(Stored data)
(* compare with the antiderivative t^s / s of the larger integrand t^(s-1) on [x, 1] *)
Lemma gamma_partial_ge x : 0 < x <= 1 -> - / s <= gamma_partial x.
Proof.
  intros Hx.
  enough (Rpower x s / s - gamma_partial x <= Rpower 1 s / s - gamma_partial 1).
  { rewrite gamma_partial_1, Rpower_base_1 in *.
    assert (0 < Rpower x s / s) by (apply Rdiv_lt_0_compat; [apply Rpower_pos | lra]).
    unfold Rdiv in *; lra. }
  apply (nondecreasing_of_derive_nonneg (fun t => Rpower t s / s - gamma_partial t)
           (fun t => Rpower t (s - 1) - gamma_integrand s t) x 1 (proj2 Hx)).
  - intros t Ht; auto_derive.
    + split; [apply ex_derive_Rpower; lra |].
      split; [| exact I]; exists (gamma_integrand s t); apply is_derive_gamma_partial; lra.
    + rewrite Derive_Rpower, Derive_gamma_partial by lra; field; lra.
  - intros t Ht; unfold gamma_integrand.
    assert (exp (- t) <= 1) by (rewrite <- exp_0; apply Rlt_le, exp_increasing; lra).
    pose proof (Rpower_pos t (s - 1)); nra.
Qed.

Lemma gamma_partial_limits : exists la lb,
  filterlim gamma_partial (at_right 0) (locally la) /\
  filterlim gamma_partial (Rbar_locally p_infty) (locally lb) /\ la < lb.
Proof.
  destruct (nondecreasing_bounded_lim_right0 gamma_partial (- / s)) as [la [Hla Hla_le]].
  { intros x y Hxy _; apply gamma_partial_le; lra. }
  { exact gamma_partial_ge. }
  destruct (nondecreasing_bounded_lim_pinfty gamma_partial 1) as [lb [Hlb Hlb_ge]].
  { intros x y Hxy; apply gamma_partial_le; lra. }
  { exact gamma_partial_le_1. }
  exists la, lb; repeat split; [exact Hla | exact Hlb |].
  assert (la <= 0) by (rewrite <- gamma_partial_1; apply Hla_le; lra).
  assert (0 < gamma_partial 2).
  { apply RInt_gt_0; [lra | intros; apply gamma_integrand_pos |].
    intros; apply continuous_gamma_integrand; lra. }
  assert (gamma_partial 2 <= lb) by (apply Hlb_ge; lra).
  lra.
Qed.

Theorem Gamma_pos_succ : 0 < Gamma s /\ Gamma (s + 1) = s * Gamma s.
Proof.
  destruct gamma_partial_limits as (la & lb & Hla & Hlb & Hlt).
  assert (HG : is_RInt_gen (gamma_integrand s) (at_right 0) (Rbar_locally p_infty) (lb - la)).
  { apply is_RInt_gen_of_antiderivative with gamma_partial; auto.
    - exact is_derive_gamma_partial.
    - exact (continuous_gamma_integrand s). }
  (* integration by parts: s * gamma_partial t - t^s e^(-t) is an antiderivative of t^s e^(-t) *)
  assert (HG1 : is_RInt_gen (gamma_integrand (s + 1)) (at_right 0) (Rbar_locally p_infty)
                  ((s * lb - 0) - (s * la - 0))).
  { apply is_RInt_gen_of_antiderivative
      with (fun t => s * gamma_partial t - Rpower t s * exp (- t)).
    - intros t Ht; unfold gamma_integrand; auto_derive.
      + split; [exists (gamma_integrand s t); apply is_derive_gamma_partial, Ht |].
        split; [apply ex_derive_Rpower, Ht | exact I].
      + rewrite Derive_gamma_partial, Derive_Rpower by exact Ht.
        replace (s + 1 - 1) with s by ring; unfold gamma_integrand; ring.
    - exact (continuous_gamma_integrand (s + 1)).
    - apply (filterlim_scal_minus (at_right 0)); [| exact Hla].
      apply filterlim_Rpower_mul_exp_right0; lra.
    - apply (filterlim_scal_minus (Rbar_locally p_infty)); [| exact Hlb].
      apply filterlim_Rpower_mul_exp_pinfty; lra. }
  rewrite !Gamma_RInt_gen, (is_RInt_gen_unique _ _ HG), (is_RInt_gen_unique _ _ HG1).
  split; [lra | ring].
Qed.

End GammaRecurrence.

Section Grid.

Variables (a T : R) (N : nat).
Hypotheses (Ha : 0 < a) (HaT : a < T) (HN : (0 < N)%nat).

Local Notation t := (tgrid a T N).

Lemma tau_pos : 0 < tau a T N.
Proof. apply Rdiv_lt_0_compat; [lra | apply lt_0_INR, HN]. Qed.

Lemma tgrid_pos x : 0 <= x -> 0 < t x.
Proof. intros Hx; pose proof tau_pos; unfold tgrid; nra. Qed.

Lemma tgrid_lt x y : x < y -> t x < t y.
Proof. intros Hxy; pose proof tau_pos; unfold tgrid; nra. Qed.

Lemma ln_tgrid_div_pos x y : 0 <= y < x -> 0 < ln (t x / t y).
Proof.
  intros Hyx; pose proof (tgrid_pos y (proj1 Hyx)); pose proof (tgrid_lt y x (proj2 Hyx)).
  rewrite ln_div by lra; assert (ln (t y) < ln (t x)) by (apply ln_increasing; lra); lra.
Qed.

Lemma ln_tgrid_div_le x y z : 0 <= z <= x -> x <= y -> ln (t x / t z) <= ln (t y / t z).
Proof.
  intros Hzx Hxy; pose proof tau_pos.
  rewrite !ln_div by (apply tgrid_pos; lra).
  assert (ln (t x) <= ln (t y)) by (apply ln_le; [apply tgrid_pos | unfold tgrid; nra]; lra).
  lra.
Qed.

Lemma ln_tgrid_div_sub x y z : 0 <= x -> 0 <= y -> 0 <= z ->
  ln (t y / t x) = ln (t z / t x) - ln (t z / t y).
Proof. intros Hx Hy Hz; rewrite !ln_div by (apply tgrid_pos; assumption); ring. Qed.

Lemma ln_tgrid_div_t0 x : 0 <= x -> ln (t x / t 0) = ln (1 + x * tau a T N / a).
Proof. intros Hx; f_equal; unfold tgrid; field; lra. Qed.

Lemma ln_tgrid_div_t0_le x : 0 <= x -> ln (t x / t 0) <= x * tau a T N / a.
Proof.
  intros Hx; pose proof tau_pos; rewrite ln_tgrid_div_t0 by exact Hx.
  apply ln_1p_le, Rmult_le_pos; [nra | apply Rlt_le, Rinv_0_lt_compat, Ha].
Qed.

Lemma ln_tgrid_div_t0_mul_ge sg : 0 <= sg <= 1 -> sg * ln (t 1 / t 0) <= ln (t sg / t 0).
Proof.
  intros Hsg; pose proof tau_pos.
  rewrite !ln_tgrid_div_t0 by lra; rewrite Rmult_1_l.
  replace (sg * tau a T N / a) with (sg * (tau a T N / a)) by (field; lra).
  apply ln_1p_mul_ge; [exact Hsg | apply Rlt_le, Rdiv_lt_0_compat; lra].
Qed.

### Try it
Could you write out exactly the lines above, starting at the first one and ending with the line that has "intros; apply continuous_gamma_integrand;"?

### Response area
(* compare with the antiderivative t^s / s of the larger integrand t^(s-1) on [x, 1] *)
Lemma gamma_partial_ge x : 0 < x <= 1 -> - / s <= gamma_partial x.
Proof.
  intros Hx.
  enough (Rpower x s / s - gamma_partial x <= Rpower 1 s / s - gamma_partial 1).
  { rewrite gamma_partial_1, Rpower_base_1 in *.
    assert (0 < Rpower x s / s) by (apply Rdiv_lt_0_compat; [apply Rpower_pos | lra]).
    unfold Rdiv in *; lra. }
  apply (nondecreasing_of_derive_nonneg (fun t => Rpower t s / s - gamma_partial t)
           (fun t => Rpower t (s - 1) - gamma_integrand s t) x 1 (proj2 Hx)).
  - intros t Ht; auto_derive.
    + split; [apply ex_derive_Rpower; lra |].
      split; [| exact I]; exists (gamma_integrand s t); apply is_derive_gamma_partial; lra.
    + rewrite Derive_Rpower, Derive_gamma_partial by lra; field; lra.
  - intros t Ht; unfold gamma_integrand.
    assert (exp (- t) <= 1) by (rewrite <- exp_0; apply Rlt_le, exp_increasing; lra).
    pose proof (Rpower_pos t (s - 1)); nra.
Qed.

Lemma gamma_partial_limits : exists la lb,
  filterlim gamma_partial (at_right 0) (locally la) /\
  filterlim gamma_partial (Rbar_locally p_infty) (locally lb) /\ la < lb.
Proof.
  destruct (nondecreasing_bounded_lim_right0 gamma_partial (- / s)) as [la [Hla Hla_le]].
  { intros x y Hxy _; apply gamma_partial_le; lra. }
  { exact gamma_partial_ge. }
  destruct (nondecreasing_bounded_lim_pinfty gamma_partial 1) as [lb [Hlb Hlb_ge]].
  { intros x y Hxy; apply gamma_partial_le; lra. }
  { exact gamma_partial_le_1. }
  exists la, lb; repeat split; [exact Hla | exact Hlb |].
  assert (la <= 0) by (rewrite <- gamma_partial_1; apply Hla_le; lra).
  assert (0 < gamma_partial 2).
  { apply RInt_gt_0; [lra | intros; apply gamma_integrand_pos |].
    intros; apply continuous_gamma_integrand; lra. }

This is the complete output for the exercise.